Et bien « Les bas-fonds » de Maxime Gorki, c'est ça ! Il nous raconte avec un saisissant réalisme cette ambiance-là. Ce n'est donc pas forcément hyper sexy à lire car c'est intriqué, c'est dérangeant, car une part de nous-même s'y sent mal à l'aise, s'y sent responsable de quelque chose. On sait bien qu'on a tous détourné la tête en passant devant ces repaires peu engageants et fermé les yeux sur le drame humain qui se joue là, tout près de nous.

On est plongé au milieu de ce brouhaha, de ce va-et-vient incessant au fond de cette tanière, de cette misère criante, financière et morale, de cette violence et rudesse tant verbale que sentimentale. Quand on n'a pas le sou, la considération ni le moindre espoir à l'horizon, on est trop bas pour l'empathie, trop bas pour pouvoir encore s'apitoyer sur celle qui meurt auprès de vous, à une longueur de bras.

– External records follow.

Lemma primepi_nth_prime j : primepi (nth_prime j) = j.
Proof.
elim: j => // j IHj /=; have [lt_pq pr_q min_q] := next_primeP (nth_prime j).
rewrite (primepi_gap lt_pq pr_q) ?IHj // => r /andP[lt_pr lt_rq]; apply/negP => pr_r.
by have := min_q r lt_pr pr_r; rewrite leqNgt lt_rq.
Qed.

Lemma prime_nth_prime {j} : 0 < j -> prime (nth_prime j).
Proof. by case: j => // j _; case: (next_primeP (nth_prime j)). Qed.

Lemma nth_prime_primepi n : prime n -> nth_prime (primepi n) = n.
Proof.
move=> pr_n; apply: primepi_inj => //; last by rewrite primepi_nth_prime.
by apply: prime_nth_prime; exact: ltn_primepi (prime_gt0 pr_n) pr_n.
Qed.

Lemma ltn_nth_prime a j : (a < nth_prime j) = (primepi a < j).
Proof.
case: j => [|j]; first by rewrite ltn0.
apply/idP/idP => [lt_a|].
  by have := ltn_primepi lt_a (prime_nth_prime (ltn0Sn j)); rewrite primepi_nth_prime.
by apply: contraTT; rewrite -!leqNgt => /leq_primepi; rewrite primepi_nth_prime.
Qed.

Lemma filter_prime_iota n :
  [seq q <- iota 0 n.+1 | prime q] = map nth_prime (iota 1 (primepi n)).
Proof.
elim: n => [|n IHn] //; rewrite -addn1 iotaD filter_cat IHn primepiS /=.
case: (boolP (prime n.+1)) => [pr_n|_]; last by rewrite !addn0 cats0.
have next : (primepi n).+1 = primepi n.+1 by rewrite primepiS pr_n addn1.
by rewrite iotaD map_cat add1n next /= nth_prime_primepi.
Qed.

Section PrimeSums.

Context {R : Type} {idx : R} (op : Monoid.law idx).

Lemma big_primes_between {a b M} (F : nat -> R) : b <= M ->
  \big[op/idx]_(q <- iota 0 M.+1 | prime q && (a < q <= b)) F (primepi q) =
  \big[op/idx]_((primepi a).+1 <= j < (primepi b).+1) F j.
Proof.
move=> le_bM; rewrite -big_filter_cond filter_prime_iota big_map.
have le_piM : (primepi b).+1 <= (primepi M).+1 by rewrite ltnS leq_primepi.
rewrite (big_nat_widen _ _ _ _ _ le_piM) (big_nat_widenl _ 1) //.
rewrite /index_iota !subSS subn0; apply: eq_big => j; last by rewrite primepi_nth_prime.
by rewrite (ltn_nth_prime a) [nth_prime j <= b]leqNgt (ltn_nth_prime b) -leqNgt ltnS andbC.
Qed.

End PrimeSums.

Lemma count_primes_between {a b M} : a <= b -> b <= M ->
  count (fun q => prime q && (a < q <= b)) (iota 0 M.+1) + primepi a = primepi b.
Proof.
move=> le_ab le_bM; rewrite -sum1_count (big_primes_between _ (fun=> 1)) // sum_nat_const_nat.
by rewrite muln1 subSS subnK // leq_primepi.
Qed.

Gorki nous sert des femmes, tour à tour ou tout en même temps, battues, mourantes, jalouses, aigres plus que douces, désespérées malgré leur jeunesse ; des hommes jeunes ou vieux, abîmés par l'alcool et la promiscuité, rendus mesquins, mauvais ou insensibles par l'âpreté de leur existence, déchus pour certains, l'un est un ancien acteur, l'autre un ancien baron, d'autres sont d'anciens prisonniers, tous naufragés au creux de cet asile de fortune qui termine de leur écumer leurs derniers kopecks comme leurs ultimes espérances.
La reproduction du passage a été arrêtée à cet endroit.